Exercise prompt: Look for the word "change". Copy every line of the listing where it occurs.

.....

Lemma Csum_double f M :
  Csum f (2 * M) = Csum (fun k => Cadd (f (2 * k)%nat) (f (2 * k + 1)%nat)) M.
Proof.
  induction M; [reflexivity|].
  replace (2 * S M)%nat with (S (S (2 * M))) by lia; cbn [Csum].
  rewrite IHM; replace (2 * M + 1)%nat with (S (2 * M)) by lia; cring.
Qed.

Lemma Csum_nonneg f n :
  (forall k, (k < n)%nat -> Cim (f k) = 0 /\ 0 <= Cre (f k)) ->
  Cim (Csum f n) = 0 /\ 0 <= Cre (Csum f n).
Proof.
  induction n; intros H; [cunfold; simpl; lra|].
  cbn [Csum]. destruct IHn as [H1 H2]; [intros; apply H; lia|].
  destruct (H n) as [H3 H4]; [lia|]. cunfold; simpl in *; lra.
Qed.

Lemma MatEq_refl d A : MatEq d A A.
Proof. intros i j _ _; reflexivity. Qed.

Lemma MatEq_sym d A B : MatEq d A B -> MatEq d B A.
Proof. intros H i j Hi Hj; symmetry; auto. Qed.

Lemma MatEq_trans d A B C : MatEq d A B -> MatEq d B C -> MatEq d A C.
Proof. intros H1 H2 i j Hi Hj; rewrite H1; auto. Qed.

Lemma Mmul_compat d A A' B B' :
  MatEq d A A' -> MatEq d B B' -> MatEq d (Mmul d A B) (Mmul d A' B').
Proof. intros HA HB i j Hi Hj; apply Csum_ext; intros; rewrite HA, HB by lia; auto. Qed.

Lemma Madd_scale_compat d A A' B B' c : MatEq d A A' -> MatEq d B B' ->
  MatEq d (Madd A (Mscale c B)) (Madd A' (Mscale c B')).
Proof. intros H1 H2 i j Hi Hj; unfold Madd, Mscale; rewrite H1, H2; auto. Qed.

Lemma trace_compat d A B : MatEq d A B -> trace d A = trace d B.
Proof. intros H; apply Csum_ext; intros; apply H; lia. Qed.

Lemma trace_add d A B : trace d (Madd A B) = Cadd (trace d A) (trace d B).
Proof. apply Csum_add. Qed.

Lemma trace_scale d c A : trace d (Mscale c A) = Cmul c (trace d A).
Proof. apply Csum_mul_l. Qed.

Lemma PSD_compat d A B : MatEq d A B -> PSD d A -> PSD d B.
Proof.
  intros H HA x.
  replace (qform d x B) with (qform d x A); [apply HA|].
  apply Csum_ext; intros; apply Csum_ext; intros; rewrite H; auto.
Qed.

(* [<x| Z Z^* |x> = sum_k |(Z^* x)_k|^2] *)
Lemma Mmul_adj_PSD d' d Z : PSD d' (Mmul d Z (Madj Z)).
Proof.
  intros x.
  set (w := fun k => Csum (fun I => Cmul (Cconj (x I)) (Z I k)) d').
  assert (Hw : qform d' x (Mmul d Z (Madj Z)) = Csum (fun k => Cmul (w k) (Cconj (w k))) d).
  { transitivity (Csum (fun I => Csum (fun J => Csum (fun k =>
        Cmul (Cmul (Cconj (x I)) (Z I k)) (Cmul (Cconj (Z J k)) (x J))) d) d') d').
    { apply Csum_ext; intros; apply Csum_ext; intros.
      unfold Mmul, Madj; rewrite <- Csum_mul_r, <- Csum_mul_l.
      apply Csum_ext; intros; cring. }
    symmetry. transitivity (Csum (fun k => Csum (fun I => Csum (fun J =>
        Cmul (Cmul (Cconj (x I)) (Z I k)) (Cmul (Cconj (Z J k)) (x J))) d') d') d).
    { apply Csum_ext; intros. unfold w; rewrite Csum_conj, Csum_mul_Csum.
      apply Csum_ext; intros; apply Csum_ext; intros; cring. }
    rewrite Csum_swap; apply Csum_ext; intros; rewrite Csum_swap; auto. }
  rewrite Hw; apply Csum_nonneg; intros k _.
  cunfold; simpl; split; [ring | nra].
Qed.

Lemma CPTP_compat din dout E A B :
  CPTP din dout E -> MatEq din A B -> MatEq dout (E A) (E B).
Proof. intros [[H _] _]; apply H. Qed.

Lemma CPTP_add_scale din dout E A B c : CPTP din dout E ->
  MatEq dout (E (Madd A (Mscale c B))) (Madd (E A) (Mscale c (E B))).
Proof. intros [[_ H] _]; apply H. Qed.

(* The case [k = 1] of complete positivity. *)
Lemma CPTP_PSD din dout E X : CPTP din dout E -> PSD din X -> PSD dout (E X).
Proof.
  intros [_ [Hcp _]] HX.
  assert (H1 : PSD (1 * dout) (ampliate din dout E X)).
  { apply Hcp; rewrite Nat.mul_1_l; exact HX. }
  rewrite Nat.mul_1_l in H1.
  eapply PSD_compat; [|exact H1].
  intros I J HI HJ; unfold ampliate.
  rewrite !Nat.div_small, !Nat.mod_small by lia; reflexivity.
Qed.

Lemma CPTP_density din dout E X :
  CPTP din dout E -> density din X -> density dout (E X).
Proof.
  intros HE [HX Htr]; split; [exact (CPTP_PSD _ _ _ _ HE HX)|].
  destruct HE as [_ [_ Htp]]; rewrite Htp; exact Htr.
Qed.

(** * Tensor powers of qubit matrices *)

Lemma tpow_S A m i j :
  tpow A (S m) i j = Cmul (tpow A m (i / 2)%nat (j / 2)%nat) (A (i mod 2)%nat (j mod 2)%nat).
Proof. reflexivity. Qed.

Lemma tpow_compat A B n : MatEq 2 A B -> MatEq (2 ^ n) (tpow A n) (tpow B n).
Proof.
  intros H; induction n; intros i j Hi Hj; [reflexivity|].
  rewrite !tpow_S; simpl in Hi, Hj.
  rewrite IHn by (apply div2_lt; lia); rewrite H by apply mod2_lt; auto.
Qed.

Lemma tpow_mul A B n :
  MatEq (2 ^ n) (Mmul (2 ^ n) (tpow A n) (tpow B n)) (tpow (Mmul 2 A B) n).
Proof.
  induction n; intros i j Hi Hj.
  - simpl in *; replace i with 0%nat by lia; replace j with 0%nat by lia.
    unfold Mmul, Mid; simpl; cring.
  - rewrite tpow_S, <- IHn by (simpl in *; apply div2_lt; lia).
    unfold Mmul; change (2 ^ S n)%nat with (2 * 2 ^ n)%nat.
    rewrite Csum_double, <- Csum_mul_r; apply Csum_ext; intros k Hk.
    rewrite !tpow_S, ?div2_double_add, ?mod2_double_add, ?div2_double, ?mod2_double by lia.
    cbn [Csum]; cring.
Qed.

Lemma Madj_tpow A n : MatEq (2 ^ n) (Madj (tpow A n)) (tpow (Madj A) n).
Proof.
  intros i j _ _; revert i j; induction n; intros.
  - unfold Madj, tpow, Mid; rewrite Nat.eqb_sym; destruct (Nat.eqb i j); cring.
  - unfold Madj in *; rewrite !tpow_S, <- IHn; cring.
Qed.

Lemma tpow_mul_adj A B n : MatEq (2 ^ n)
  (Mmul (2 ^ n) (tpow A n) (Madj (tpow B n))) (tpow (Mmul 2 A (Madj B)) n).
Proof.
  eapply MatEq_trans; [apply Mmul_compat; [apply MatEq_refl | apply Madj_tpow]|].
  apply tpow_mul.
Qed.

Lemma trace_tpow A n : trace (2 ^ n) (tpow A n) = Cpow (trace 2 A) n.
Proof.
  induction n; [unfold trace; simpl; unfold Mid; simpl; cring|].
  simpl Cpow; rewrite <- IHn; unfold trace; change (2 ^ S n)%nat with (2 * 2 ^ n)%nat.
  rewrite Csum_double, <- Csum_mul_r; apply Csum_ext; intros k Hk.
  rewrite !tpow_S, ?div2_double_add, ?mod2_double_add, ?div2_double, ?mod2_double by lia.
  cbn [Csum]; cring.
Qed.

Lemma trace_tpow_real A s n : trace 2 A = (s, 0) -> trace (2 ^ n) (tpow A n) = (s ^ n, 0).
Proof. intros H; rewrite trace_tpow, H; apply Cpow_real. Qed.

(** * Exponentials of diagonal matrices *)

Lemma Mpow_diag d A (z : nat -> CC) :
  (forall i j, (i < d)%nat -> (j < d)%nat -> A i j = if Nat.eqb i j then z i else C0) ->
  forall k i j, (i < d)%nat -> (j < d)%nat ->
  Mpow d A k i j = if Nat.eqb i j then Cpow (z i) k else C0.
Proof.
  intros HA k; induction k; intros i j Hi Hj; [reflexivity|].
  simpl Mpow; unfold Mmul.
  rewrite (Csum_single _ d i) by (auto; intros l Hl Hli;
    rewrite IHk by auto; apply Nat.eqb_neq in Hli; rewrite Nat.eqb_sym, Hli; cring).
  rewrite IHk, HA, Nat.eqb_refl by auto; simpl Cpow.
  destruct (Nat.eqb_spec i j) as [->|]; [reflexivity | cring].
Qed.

.....

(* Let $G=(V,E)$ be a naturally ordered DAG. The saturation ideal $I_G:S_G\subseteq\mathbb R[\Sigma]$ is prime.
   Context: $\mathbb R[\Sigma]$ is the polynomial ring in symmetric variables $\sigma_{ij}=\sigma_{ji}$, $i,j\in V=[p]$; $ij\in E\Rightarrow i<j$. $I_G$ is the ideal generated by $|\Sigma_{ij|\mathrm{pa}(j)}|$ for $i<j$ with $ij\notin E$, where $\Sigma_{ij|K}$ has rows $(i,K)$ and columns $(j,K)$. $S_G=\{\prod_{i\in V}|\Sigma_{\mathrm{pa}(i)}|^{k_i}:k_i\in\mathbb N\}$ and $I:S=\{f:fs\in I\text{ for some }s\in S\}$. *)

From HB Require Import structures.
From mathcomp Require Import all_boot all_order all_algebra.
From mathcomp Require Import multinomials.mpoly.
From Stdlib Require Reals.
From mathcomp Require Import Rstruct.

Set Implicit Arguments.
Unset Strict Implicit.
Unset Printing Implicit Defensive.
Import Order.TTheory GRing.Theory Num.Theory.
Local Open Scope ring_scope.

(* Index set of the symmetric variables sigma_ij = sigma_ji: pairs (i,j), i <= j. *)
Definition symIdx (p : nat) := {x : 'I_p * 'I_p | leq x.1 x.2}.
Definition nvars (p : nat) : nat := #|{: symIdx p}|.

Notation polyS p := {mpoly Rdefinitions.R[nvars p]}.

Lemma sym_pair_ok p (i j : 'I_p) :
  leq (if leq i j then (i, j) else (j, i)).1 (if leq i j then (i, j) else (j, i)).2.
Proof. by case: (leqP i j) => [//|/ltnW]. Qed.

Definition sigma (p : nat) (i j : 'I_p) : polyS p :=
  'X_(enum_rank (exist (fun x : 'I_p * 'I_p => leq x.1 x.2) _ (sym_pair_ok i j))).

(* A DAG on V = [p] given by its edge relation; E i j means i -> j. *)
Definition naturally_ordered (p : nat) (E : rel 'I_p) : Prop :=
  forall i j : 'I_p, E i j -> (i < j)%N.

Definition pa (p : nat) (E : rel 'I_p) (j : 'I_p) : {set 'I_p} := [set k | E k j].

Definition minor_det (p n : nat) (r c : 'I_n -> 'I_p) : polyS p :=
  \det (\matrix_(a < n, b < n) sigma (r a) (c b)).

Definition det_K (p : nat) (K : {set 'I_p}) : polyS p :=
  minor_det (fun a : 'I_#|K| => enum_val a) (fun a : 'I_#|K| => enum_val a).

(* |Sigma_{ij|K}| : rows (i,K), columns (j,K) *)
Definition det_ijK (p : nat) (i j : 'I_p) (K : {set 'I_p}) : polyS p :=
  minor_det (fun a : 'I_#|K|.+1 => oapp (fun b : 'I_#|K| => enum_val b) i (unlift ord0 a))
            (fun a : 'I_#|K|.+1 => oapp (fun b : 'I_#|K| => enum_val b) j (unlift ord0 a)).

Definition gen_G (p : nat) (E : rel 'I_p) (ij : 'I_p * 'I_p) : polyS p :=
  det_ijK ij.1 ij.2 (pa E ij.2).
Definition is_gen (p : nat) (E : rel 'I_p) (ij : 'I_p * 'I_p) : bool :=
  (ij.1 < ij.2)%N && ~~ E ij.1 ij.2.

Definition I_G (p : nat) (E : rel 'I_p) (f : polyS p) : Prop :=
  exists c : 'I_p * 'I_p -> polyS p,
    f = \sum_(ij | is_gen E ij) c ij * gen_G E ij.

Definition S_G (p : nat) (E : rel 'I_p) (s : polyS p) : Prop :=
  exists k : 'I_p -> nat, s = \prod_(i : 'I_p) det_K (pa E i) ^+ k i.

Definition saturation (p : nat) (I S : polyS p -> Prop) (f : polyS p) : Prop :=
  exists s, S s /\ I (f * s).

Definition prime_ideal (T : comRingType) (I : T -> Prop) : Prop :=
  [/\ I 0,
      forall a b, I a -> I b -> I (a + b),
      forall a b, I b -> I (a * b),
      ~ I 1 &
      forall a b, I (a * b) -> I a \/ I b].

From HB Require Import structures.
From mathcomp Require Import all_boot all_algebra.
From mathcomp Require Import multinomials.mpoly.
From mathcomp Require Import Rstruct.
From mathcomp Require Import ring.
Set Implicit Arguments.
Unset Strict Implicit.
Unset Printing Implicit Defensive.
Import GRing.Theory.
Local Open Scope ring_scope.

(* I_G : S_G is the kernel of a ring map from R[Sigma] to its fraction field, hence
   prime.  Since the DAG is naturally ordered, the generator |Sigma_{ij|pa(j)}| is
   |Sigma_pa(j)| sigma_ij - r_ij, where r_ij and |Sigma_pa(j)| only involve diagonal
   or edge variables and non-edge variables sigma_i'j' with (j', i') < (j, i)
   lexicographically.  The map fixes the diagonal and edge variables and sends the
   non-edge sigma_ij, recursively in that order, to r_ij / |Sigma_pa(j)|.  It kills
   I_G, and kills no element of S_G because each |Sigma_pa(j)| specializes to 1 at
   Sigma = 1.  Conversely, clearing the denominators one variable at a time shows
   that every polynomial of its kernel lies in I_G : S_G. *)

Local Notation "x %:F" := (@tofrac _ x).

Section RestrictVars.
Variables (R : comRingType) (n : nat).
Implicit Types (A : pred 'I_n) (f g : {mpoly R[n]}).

.....

Your response:
    unfold Mmul; change (2 ^ S n)%nat with (2 * 2 ^ n)%nat.
  simpl Cpow; rewrite <- IHn; unfold trace; change (2 ^ S n)%nat with (2 * 2 ^ n)%nat.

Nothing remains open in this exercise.